Task brief:
Scan the listing below for "mulrA", then report every line that has it.
***** Given information
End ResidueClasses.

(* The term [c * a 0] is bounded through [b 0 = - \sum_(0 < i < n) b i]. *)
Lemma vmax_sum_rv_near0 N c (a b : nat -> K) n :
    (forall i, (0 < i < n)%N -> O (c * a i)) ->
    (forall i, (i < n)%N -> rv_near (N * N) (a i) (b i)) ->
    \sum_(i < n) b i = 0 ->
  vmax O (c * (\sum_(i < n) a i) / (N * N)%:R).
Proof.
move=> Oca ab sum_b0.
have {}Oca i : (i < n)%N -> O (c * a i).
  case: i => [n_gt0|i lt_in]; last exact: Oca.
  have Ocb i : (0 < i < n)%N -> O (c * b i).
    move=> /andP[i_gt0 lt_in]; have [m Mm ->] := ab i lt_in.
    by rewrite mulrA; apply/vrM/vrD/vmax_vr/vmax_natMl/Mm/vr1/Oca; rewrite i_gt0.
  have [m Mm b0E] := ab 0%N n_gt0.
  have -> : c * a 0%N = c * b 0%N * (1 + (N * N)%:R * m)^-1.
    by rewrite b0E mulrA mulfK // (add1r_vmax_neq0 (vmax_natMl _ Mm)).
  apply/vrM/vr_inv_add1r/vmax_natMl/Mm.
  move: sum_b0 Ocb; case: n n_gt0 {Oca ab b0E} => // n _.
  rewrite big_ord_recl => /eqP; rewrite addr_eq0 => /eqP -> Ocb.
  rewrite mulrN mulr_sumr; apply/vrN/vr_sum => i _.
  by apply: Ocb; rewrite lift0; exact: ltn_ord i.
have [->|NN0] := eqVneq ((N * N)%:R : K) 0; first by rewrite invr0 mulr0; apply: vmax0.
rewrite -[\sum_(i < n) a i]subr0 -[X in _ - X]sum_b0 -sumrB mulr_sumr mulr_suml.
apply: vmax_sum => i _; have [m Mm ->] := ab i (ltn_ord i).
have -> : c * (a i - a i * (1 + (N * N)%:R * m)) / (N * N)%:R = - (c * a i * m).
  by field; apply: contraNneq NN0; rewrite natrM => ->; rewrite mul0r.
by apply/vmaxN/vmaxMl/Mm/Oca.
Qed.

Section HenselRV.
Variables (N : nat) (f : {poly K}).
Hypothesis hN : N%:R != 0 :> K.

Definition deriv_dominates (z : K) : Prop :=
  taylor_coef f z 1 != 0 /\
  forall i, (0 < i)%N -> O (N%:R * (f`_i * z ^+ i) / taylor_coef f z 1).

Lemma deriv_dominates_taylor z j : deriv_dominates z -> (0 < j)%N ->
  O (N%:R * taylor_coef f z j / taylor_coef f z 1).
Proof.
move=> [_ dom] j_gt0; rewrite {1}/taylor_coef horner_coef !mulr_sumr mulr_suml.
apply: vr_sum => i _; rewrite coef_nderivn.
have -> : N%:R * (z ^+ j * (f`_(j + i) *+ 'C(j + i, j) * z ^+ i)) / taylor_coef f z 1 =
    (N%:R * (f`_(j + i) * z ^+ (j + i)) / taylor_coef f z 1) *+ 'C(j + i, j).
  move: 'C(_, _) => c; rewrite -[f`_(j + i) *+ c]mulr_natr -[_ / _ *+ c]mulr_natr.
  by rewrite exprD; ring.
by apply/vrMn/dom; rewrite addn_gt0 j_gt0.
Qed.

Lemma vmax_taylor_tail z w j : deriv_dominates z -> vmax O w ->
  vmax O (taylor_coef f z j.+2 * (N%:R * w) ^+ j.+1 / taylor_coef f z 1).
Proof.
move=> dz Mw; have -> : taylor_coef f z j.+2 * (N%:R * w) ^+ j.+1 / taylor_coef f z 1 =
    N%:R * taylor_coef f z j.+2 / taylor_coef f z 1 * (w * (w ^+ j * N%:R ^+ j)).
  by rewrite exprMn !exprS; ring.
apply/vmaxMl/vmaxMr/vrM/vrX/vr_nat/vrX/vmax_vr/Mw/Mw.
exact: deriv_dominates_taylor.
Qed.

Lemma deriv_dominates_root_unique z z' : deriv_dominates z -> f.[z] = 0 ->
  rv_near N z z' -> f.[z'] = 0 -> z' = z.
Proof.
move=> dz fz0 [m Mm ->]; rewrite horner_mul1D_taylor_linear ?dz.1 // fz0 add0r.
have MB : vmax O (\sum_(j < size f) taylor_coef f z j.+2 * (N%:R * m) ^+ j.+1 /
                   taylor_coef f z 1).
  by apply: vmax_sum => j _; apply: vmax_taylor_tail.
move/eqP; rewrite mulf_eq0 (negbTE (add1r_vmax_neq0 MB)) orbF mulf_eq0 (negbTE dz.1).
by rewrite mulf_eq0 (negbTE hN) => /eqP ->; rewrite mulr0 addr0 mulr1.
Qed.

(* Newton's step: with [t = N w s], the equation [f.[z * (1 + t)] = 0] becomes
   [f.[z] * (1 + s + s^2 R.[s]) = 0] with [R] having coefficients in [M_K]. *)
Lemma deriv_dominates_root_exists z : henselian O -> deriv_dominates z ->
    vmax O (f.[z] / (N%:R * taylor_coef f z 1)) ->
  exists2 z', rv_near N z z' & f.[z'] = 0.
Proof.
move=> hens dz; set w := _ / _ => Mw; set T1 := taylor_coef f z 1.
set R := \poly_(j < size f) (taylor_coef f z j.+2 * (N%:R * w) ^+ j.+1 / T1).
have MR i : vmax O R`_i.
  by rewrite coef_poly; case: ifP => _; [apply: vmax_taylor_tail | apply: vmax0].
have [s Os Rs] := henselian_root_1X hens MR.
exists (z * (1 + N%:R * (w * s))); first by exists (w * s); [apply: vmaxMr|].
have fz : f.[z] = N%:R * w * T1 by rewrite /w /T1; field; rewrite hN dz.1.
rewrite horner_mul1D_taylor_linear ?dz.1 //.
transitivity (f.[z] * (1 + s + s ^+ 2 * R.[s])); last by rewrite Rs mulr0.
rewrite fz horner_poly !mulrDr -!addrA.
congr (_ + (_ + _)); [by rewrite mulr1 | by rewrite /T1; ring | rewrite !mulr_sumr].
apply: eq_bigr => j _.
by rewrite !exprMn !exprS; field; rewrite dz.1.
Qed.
**********
***** Given information
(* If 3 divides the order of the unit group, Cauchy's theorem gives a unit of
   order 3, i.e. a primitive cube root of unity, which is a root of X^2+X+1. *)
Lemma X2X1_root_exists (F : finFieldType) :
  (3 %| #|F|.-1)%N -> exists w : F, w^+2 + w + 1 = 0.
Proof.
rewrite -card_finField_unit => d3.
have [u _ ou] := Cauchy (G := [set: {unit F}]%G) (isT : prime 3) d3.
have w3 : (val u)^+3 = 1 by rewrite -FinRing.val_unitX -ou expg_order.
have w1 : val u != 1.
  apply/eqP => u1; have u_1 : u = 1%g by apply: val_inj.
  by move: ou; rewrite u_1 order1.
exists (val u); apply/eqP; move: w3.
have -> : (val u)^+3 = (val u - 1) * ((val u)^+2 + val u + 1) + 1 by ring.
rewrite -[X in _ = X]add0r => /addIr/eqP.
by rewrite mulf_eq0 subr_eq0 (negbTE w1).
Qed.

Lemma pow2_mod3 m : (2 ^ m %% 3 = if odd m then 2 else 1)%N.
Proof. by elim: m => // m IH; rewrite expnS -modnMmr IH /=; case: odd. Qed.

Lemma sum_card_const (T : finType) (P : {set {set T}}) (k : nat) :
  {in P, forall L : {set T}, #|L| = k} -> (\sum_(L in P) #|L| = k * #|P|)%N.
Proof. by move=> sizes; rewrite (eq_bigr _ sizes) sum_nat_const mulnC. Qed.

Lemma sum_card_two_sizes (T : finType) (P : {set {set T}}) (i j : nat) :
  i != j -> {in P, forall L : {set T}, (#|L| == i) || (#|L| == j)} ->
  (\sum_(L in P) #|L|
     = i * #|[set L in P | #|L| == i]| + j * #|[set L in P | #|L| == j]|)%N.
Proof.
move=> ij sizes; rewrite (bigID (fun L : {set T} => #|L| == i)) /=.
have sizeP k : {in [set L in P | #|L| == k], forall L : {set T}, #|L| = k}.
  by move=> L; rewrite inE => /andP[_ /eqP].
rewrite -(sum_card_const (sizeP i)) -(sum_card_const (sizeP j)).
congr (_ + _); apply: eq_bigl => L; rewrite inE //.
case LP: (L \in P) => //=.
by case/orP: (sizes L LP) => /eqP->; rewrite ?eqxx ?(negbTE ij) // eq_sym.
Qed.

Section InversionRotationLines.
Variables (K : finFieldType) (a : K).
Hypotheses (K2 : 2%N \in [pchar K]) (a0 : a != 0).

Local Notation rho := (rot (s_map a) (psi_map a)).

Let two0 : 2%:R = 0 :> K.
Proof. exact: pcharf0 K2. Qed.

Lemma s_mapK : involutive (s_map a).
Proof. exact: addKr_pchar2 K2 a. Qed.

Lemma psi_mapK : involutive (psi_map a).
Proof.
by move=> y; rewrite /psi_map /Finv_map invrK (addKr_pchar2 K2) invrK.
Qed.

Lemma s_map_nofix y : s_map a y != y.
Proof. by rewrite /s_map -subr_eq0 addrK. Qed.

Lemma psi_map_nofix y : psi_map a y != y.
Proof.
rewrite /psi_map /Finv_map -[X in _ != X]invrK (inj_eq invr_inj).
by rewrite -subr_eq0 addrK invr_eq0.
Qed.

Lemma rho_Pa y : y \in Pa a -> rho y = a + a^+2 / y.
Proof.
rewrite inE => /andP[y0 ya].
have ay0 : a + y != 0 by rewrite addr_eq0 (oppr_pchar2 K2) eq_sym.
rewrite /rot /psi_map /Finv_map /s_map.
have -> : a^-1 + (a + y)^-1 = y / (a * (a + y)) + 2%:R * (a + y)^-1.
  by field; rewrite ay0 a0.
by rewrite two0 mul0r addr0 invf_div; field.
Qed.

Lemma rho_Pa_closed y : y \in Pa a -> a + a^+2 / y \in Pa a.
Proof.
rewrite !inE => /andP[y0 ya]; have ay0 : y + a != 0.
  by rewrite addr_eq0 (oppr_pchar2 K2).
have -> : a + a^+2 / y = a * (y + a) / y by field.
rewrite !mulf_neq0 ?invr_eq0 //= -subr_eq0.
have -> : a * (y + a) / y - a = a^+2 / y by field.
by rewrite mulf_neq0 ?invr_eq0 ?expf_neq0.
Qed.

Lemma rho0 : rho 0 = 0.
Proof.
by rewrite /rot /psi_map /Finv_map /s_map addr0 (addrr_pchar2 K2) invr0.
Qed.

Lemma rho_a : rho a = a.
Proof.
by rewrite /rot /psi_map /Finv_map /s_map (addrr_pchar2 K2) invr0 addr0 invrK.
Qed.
**********
***** Given information
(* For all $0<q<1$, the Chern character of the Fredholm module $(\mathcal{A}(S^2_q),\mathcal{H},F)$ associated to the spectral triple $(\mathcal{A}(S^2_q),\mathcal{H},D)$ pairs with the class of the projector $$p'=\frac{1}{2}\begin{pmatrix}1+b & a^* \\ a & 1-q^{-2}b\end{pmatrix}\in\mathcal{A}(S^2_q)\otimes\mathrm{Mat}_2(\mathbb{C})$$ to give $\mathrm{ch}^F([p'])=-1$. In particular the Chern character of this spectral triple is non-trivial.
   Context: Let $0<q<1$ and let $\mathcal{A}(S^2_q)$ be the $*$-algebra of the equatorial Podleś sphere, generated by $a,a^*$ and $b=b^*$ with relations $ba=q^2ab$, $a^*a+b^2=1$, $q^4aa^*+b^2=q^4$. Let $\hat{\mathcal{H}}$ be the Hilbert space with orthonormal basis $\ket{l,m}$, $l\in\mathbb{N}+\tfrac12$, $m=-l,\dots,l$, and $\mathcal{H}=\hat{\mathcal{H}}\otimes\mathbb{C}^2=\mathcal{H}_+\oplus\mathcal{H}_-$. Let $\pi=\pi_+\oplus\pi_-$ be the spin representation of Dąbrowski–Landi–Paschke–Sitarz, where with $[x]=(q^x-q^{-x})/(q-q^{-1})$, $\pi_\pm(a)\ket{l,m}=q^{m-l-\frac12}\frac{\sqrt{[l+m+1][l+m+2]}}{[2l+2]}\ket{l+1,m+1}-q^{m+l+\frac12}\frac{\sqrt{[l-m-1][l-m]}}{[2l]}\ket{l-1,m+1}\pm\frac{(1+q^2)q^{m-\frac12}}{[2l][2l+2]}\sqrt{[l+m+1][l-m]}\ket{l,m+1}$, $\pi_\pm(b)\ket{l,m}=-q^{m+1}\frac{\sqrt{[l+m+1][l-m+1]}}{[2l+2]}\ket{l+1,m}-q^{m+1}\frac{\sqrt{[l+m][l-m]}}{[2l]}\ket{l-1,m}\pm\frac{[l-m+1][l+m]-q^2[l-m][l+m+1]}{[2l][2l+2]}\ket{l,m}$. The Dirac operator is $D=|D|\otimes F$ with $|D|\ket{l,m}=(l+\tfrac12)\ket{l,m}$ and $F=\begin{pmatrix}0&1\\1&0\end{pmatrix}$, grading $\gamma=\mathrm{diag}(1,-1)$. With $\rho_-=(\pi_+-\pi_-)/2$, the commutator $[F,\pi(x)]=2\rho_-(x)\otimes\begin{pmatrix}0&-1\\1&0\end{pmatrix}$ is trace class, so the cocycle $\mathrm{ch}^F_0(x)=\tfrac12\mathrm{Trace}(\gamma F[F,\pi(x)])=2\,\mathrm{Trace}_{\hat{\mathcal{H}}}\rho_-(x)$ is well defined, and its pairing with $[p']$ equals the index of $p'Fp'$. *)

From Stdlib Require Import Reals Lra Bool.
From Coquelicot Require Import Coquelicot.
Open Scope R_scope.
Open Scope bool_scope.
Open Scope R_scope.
**********
Written answer:
    by rewrite mulrA; apply/vrM/vrD/vmax_vr/vmax_natMl/Mm/vr1/Oca; rewrite i_gt0.
    by rewrite b0E mulrA mulfK // (add1r_vmax_neq0 (vmax_natMl _ Mm)).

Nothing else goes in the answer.